Bermuda–United States relations
- Bermuda: United States

= Bermuda–United States relations =

The United Kingdom is formally responsible for Bermuda's foreign and defense policy. American policy toward the United Kingdom is the basis of US–Bermudian relations. In the early 20th century, as modern transportation and communication systems developed, Bermuda became a popular destination for wealthy American, British, and Canadian tourists. While the tariff enacted in 1930 by the US against its trading partners ended Bermuda's once-thriving agricultural export trade – primarily fresh vegetables to the US, it helped spur the overseas territory to develop its tourist industry, which is second only to international business in terms of economic importance to the island.

==History==
During World War II, Bermuda became a significant United States Armed Forces site because of its location in the Atlantic Ocean. In 1941, the US signed a lend-lease agreement with the UK giving the British surplus US Navy destroyers in exchange for 99-year lease rights to establish naval and air bases in Bermuda. The bases consisted of 5.8 km2 of land largely reclaimed from the sea. The US Naval Air Station was on St. David's Island, while the US Naval Air Station Annex was at the western end of the island in the Great Sound.

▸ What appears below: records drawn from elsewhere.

Lemma exists_flexible_contract i j (k : nat) : k%:R * e <= alpha G i j ->
  exists c : contract, [/\ c.1 = (i, j), price c = k%:R * e & admissible c].
Proof.
move=> le_ke_alpha.
have alpha_ge0 : 0 <= alpha G i j.
  exact: le_trans (mulr_ge0 (ler0n _ _) (ltW e_gt0)) le_ke_alpha.
have k_lt_K : (k < K)%N.
  rewrite ltnS (leq_trans _ (leq_bigmax (i, j))) //=.
  by rewrite truncn_ge_nat ?ler_pdivlMr // mul0r.
by exists ((i, j), Ordinal k_lt_K); rewrite /admissible /price /= le_ke_alpha orbT.
Qed.

Section FromStableContracts.
Variables (kp kq : contract -> nat) (M : {set contract}).
Hypothesis kp_p_share : forall c c', (kp c <= kp c')%N -> p_share c <= p_share c'.
Hypothesis kq_q_share : forall c c', (kq c <= kq c')%N -> q_share c <= q_share c'.
Hypothesis M_admissible : M \subset [set c | admissible c].
Hypothesis M_p_inj : {in M &, injective (fun c : contract => c.1.1)}.
Hypothesis M_q_inj : {in M &, injective (fun c : contract => c.1.2)}.
Hypothesis M_blocks : forall c, c \in [set c | admissible c] ->
  (exists2 b, b \in M & b.1.1 = c.1.1 /\ (kp c <= kp b)%N) \/
  (exists2 b, b \in M & b.1.2 = c.1.2 /\ (kq c <= kq b)%N).

Definition p_contract i := [pick c in M | c.1.1 == i].
Definition q_contract j := [pick c in M | c.1.2 == j].

Definition mu_M : {ffun 'I_n -> option 'I_n} :=
  [ffun i => omap (fun c : contract => c.1.2) (p_contract i)].
Definition u_M i := oapp p_share 0 (p_contract i).
Definition v_M j := oapp q_share 0 (q_contract j).

Lemma p_contract_in c : c \in M -> p_contract c.1.1 = Some c.
Proof.
move=> cM; rewrite /p_contract; case: pickP => [c' /andP[c'M /eqP same]|/(_ c)].
  by rewrite (M_p_inj c'M cM same).
by rewrite cM eqxx.
Qed.

Lemma q_contract_in c : c \in M -> q_contract c.1.2 = Some c.
Proof.
move=> cM; rewrite /q_contract; case: pickP => [c' /andP[c'M /eqP same]|/(_ c)].
  by rewrite (M_q_inj c'M cM same).
by rewrite cM eqxx.
Qed.

Lemma p_contractP i c : p_contract i = Some c -> c \in M /\ c.1.1 = i.
Proof. by rewrite /p_contract; case: pickP => // c' /andP[c'M /eqP <-] [<-]. Qed.

Lemma q_contractP j c : q_contract j = Some c -> c \in M /\ c.1.2 = j.
Proof. by rewrite /q_contract; case: pickP => // c' /andP[c'M /eqP <-] [<-]. Qed.

Lemma mu_MP i j : mu_M i = Some j -> exists2 c, c \in M & c.1 = (i, j).
Proof.
rewrite ffunE; case p_i: (p_contract i) => [c|] //= [<-].
have [cM <-] := p_contractP p_i.
by exists c; last by case: c {p_i cM} => [[]].
Qed.

Lemma u_M_ge0 i : 0 <= u_M i.
Proof. by rewrite /u_M; case: p_contract => //= c; apply: p_share_ge0. Qed.

Lemma v_M_ge0 j : 0 <= v_M j.
Proof.
rewrite /v_M; case qj: (q_contract j) => [c|] //=; apply: q_share_ge0.
by have [/(subsetP M_admissible)] := q_contractP qj; rewrite inE.
Qed.

Lemma admissible_blocked c : admissible c ->
  p_share c <= u_M c.1.1 \/ q_share c <= v_M c.1.2.
Proof.
move=> adm_c; have cV : c \in [set c | admissible c] by rewrite inE.
case: (M_blocks cV) => [[b bM [pcb le_kp]]|[b bM [qcb le_kq]]].
  by left; rewrite -pcb /u_M p_contract_in //= kp_p_share.
by right; rewrite -qcb /v_M q_contract_in //= kq_q_share.
Qed.

Lemma flexible_blocked i j : ~~ in_calR G i j -> alpha G i j - e <= u_M i + v_M j.
Proof.
move=> flex; rewrite leNgt; apply/negP => gap.
(* The first price on the grid above u_i would be preferred by both p_i and q_j. *)
pose k := (Num.truncn (u_M i / e)).+1.
have [u_lt_ke ke_le] : u_M i < k%:R * e /\ k%:R * e <= u_M i + e.
  have /andP[lo hi] := truncn_itv (divr_ge0 (u_M_ge0 i) (ltW e_gt0)).
  rewrite -ltr_pdivrMr // hi; split=> //.
  by rewrite /k -addn1 natrD mulrDl mul1r lerD2r -ler_pdivlMr.
have ke_le_alpha : k%:R * e <= alpha G i j by have := v_M_ge0 j; lra.
have [[[i' j'] k'] [/= [-> ->] price_c adm_c]] := exists_flexible_contract ke_le_alpha.
have := admissible_blocked adm_c; rewrite /p_share /q_share /= (negbTE flex) price_c.
by case; lra.
Qed.

Lemma eps_stable_of_contracts : eps_stable e mu_M u_M v_M.
Proof.
split.
- move=> i i' j /mu_MP[c cM c_ij] /mu_MP[c' c'M c'_ij].
  have cc' : c = c' by apply: M_q_inj; rewrite // c_ij c'_ij.
  by move: c_ij; rewrite cc' c'_ij => -[].
- exact: u_M_ge0.
- exact: v_M_ge0.
- by move=> i; rewrite ffunE /u_M; case: p_contract.
- move=> j unmatched; rewrite /v_M; case qj: (q_contract j) => [c|] //=.
  have [cM cj] := q_contractP qj.
  by have := unmatched c.1.1; rewrite ffunE p_contract_in //= cj eqxx.
- move=> i j /mu_MP[[[i' j'] k] cM [<- <-]] rig.
  by rewrite /u_M /v_M (p_contract_in cM) (q_contract_in cM) /p_share /q_share /= rig.
- move=> i j /mu_MP[[[i' j'] k] cM [<- <-]] _.
  by rewrite /u_M /v_M (p_contract_in cM) (q_contract_in cM) p_share_add_q_share.
- move=> i j rig; have adm : admissible ((i, j), ord0) by rewrite /admissible /= rig.
  by have := admissible_blocked adm; rewrite /p_share /q_share /= rig.
- exact: flexible_blocked.
Qed.

End FromStableContracts.

Lemma exists_eps_stable :
  exists (mu : {ffun 'I_n -> option 'I_n}) u v, eps_stable e mu u v.
Proof.
have [kp kp_inj kp_p_share] := exists_rank_key p_share.
have [kq kq_inj kq_q_share] := exists_rank_key q_share.
have [M [sMV M_p_inj M_q_inj M_blocks]] := stable_contracts_exist
  (fun c : contract => c.1.1) (fun c : contract => c.1.2) [set c | admissible c] kp_inj kq_inj.
exists (mu_M M), (u_M M), (v_M M).
exact: eps_stable_of_contracts kp_p_share kq_q_share sMV M_p_inj M_q_inj M_blocks.
Qed.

Both bases were closed in September 1995 (as were British and Canadian bases), and the lands were formally returned to the Government of Bermuda in 2002.

The Government of Bermuda has begun to pursue some international initiatives independent of the UK in recent years.

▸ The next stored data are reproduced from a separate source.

Lemma indep12P S :
  reflect (forall i j, i < m -> j < n -> ok12 (cell S) i j) (indep12 (@grid_adj m n) S).
Proof.
apply: (iffP andP) => [[/independentP indep /dominated12P dom] i j im jn | ok].
  by rewrite /ok12; have /andP[-> ->] := indep i j; apply: dom.
split; last by apply/dominated12P => i j im jn; case/and3P: (ok i j im jn).
apply/independentP => i j.
have [im | mi] := ltnP i m; last by rewrite cell_out ?mi.
have [jn | nj] := ltnP j n; last by rewrite cell_out ?nj ?orbT.
by case/and3P: (ok i j im jn) => -> ->.
Qed.

Definition word_of_set S : seq bitseq := mkseq (fun j => mkseq (cell S ^~ j) m) n.

Definition set_of_word (w : seq bitseq) : {set 'I_m * 'I_n} :=
  [set u : 'I_m * 'I_n | bits m w u.1 u.2].

Lemma size_word_of_set S : size (word_of_set S) = n.
Proof. exact: size_mkseq. Qed.

Lemma word_of_set_sizes S : all (fun c => size c == m) (word_of_set S).
Proof. by apply/allP => c /mapP[j _ ->]; rewrite size_mkseq. Qed.

Lemma bits_word_of_set S : bits m (word_of_set S) =2 cell S.
Proof.
move=> i j; rewrite /bits /col /word_of_set.
have [jn | nj] := ltnP j n; last first.
  by rewrite cell_out ?nj ?orbT // [nth _ (mkseq _ n) _]nth_default ?size_mkseq // nth_nseq if_same.
rewrite nth_mkseq //; have [im | mi] := ltnP i m; first by rewrite nth_mkseq.
by rewrite nth_default ?size_mkseq // cell_out ?mi.
Qed.

Lemma card_word_of_set S : #|S| = cost (word_of_set S).
Proof.
transitivity (\sum_(y < n) \sum_(x < m) ((x, y) \in S : nat)).
  by rewrite card_indicator exchange_big pair_big; apply: eq_bigr => -[].
rewrite /cost /word_of_set /mkseq -map_comp -/(mkseq _ n) sumn_mkseq; apply: eq_bigr => y _.
rewrite /= /weight -sumn_count /mkseq -map_comp -/(mkseq _ m) sumn_mkseq.
by apply: eq_bigr => x _; rewrite /= cell_ord.
Qed.

Lemma cell_set_of_word w : size w = n -> all (fun c => size c == m) w ->
  cell (set_of_word w) =2 bits m w.
Proof.
move=> size_w sizes_w i j; have [im | mi] := ltnP i m; last first.
  by rewrite cell_out ?mi // /bits nth_default // size_col.
have [jn | nj] := ltnP j n; last first.
  by rewrite cell_out ?nj ?orbT // /bits /col [nth _ w j]nth_default ?size_w // nth_nseq if_same.
by rewrite (cell_ord _ (Ordinal im) (Ordinal jn)) inE.
Qed.

Lemma word_of_setK w : size w = n -> all (fun c => size c == m) w ->
  word_of_set (set_of_word w) = w.
Proof.
move=> size_w sizes_w; apply: (@eq_from_nth _ (nseq m false)).
  by rewrite size_mkseq size_w.
move=> j jn; rewrite size_mkseq in jn.
rewrite nth_mkseq //; apply: (@eq_from_nth _ false).
  by rewrite size_mkseq -/(col m w j) size_col.
move=> i; rewrite size_mkseq => im.
by rewrite nth_mkseq // cell_set_of_word.
Qed.

Lemma indep12_word_of_set S : indep12 (@grid_adj m n) S = valid_word m (word_of_set S).
Proof.
rewrite valid_wordE ?word_of_set_sizes // size_word_of_set.
apply/indep12P/all_iota0P => [ok j jn | ok i j im jn].
  by apply/all_iota0P => i im; rewrite (eq_ok12 (bits_word_of_set S)) ok.
by move/all_iota0P: (ok j jn) => /(_ i im); rewrite (eq_ok12 (bits_word_of_set S)).
Qed.

End Grid.

Theorem i12_eq_answer m cs n v :
  (forall c, (c \in cs) = admissible m c) -> answer m cs (dp m cs n) = Some v ->
  i12_eq (@grid_adj m n.+1) v.
Proof.
move=> mem_cs answer_v; split.
  have [w [size_w valid_w cost_w]] := answer_sound mem_cs answer_v.
  have sizes_w : all (fun c => size c == m) w.
    by case/andP: valid_w => adm_w _; apply: sub_all adm_w => c /andP[].
  exists (set_of_word m n.+1 w).
  by rewrite indep12_word_of_set card_word_of_set word_of_setK.
move=> S indep_S; rewrite card_word_of_set.
have nonempty : word_of_set S != [::] by rewrite -size_eq0 size_word_of_set.
have valid_S : valid_word m (word_of_set S) by rewrite -indep12_word_of_set.
have [u] := answer_le mem_cs nonempty valid_S.
by rewrite size_word_of_set answer_v => -[->].
Qed.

An estimated 8,500 US citizens live in Bermuda, many employed in the international business community. Many American businesses are also incorporated in Bermuda, although no figures are available. Despite the trend of American companies moving to Bermuda or other offshore jurisdictions to escape US taxes, Bermuda maintains that the island is not a "tax haven" and that it taxes both local and foreign businesses equally.

While US visitors to Bermuda are critical to the island's tourism industry, the number of US visitors to Bermuda is declining. In 2006 only 76% of air arrivals originated from the US compared to 83.9% in 1990. The number of air and cruise passengers from the US totaled 464,000 in 2000. That number fell to 451,924 American passengers in 2006, however in 2023, this figure is 625,000.

In 2005, 74% of Bermuda's imports came from the US. Areas of opportunity for US investors are in the re-insurance and financial services industries, although the former US base lands may also present long-term investment opportunities. In 2023, that number has increased to 80%.

==Principal US Officials==
- Consul General – Karen Grissette

==Diplomatic missions==
The US Consulate General is located just outside Hamilton, the capital of Bermuda.